Encounters at the Heart of the World: A History of the Mandan People
- First edition
- Author: Elizabeth A. Fenn
- Language: English
- Subjects: Mandan; colonialism; disease
- Genre: Indigenous History
- Published: 2014
- Publisher: Hill and Wang
- Publication place: United States
- Pages: 480
- Awards: Pulitzer Prize for History
- ISBN: 978-0-374-71107-8

= Encounters at the Heart of the World =

2014 book by Elizabeth A. Fenn

Encounters at the Heart of the World: A History of the Mandan People is a Pulitzer Prize–winning non-fiction history book by American historian Elizabeth A. Fenn about the Mandan people, a Native American tribe located in what is now North Dakota. It was published in 2014 by Hill and Wang. The book draws on a wide array of sources, including demographic, ethnographic, archaeological, epidemiological, and climatological research and records, as well as Fenn's own travels through the region.

== Contents ==
The title – and a central theme – of the book is drawn from the fact that the Mandan resided in their traditional territory near to the geographical center of the North American continent, which coincided with Mandan creation stories that positioned the Mandan at the center of the world. This is also, significantly, where the Heart River joins the Missouri. Fenn documents how this helped put the Mandan in a central political and economic position in the pre-contact world, despite the fact that the Mandan have typically entered the historical record only for their brief meeting with the Lewis and Clark Expedition in the winter of 1804–05, due largely to George Catlin's sketches and paintings. In the face of such a fleeting historical image, Fenn reconstructs the history of a sedentary and influential society that farmed extensively and was well positioned to control trading.

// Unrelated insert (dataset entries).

Lemma MIG_term_le hA hB p a b : admissible hA hB p -> MIG_term hA hB p a b <= MIf_term a b.
Proof.
move=> adm; have := MIf_term_sub_MIG_term a b adm => /= gap.
have t0 := agreement_ge0 a b adm.
have tangent := g_subgrad t0 (Kratio_ge0 a b).
have w0 := Rmult_lt_0_compat _ _ (PA_gt0 a) (PB_gt0 b).
nra.
Qed.

Lemma MIG_term_eq hA hB p a b : admissible hA hB p ->
  agreement hA hB p a b = Kratio P a b -> MIG_term hA hB p a b = MIf_term a b.
Proof. by move=> adm tK; have := MIf_term_sub_MIG_term a b adm => /=; rewrite tK; lra. Qed.

Lemma MIG_le_MIf hA hB p : admissible hA hB p -> MIG f g P hA hB p <= MIf f P.
Proof. by move=> adm; do 2!apply: le_rsum => ?; apply: MIG_term_le. Qed.

Lemma MIG_eq_MIf_agreement hA hB p :
  convex_nonneg f -> (forall s t, 0 <= s -> 0 <= t -> g s = g t -> s = t) ->
  admissible hA hB p -> MIG f g P hA hB p = MIf f P ->
  forall a b, agreement hA hB p a b = Kratio P a b.
Proof.
move=> f_convex g_inj adm E a b.
have tight := rsum2_le_eq (fun a b => MIG_term_le a b adm) E a b.
have := MIf_term_sub_MIG_term a b adm => /=; rewrite -/(MIG_term _ _ _ a b) tight.
rewrite Rminus_diag => /esym/Rmult_integral [|gap].
  by have := Rmult_lt_0_compat _ _ (PA_gt0 a) (PB_gt0 b); lra.
symmetry; apply: (tangent_contact_eq f_convex g_subgrad g_inj) => //.
- exact: agreement_ge0.
- exact: Kratio_ge0.
- lra.
Qed.

Section Posterior.
Variable Q : A -> B -> S -> R.
Hypothesis Q_ge0 : forall a b y, 0 <= Q a b y.
Hypothesis PAB_Q : forall a b, PAB Q a b = PAB P a b.
Hypothesis PY_Q_gt0 : forall y, 0 < PY Q y.
Hypothesis Q_cond_indep : cond_indep Q.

Fenn charts the development of Mandan society over centuries, including the various challenges that often defined the long pre-contact period, such as droughts, climatic changes, and pests. She argues that the Mandan likely reached a peak population of approximately 12,000 by the year 1500, and that by 1750 their territory had become "one of the most dynamic centers of interaction in North America." Fenn emphasizes in particular the role of corn – and agricultural innovations that enabled the Mandan to store large surpluses of corn – to Mandan society, explaining that "for outsiders and plains denizens alike, it was the defining characteristic of the Mandans and their towns." Their agricultural prowess and geographic location made the Mandan a key confluence point in North American trading, which was largely oriented on a "north/south" axis, reaching from as far as Mexico in the south to Hudson Bay in the north.

As was the case with many Indigenous peoples, Fenn also charts how the impacts of European contact were felt by the Mandan long before direct contact was made, bringing new relationships and trading goods such as horses and guns, which served to bolster the Mandan position as a key trading center, as well as diseases, which ultimately undermined that position. Fenn traces the impacts of various epidemics of smallpox, whooping cough, and measles, which had a devastating impact, in some instances killing ninety percent of the Mandan population. In addition to diseases, the invasion of Brown rats into Mandan territory decimated stores of corn, creating malnutrition crises for the Mandan that exacerbated the effects of epidemics. Fenn writes that when it came to smallpox in particular, "the very traits that made the Mandans so prominent worked against them. Their long-distance contacts ensured that the virus reached their towns, possibly again and again; once it did, Mandan numbers and population density made transmission highly likely."

Although Fenn thus charts the decline of the Mandan population to a nadir of only a few hundred in the mid-nineteenth century, when they were forced to abandon their remaining villages, she also documents a history of resilience up to the present day, as the Mandan continue to survive as a people. Fenn discusses the revival of the traditional Okipa ceremony as one mark of modern resilience.

==Awards and recognition==
Encounters at the Heart of the World won the 2015 Pulitzer Prize for History. The book has been praised for its writing, with one historian, Richard White, hailing it as "part of a small renascence in historical writing."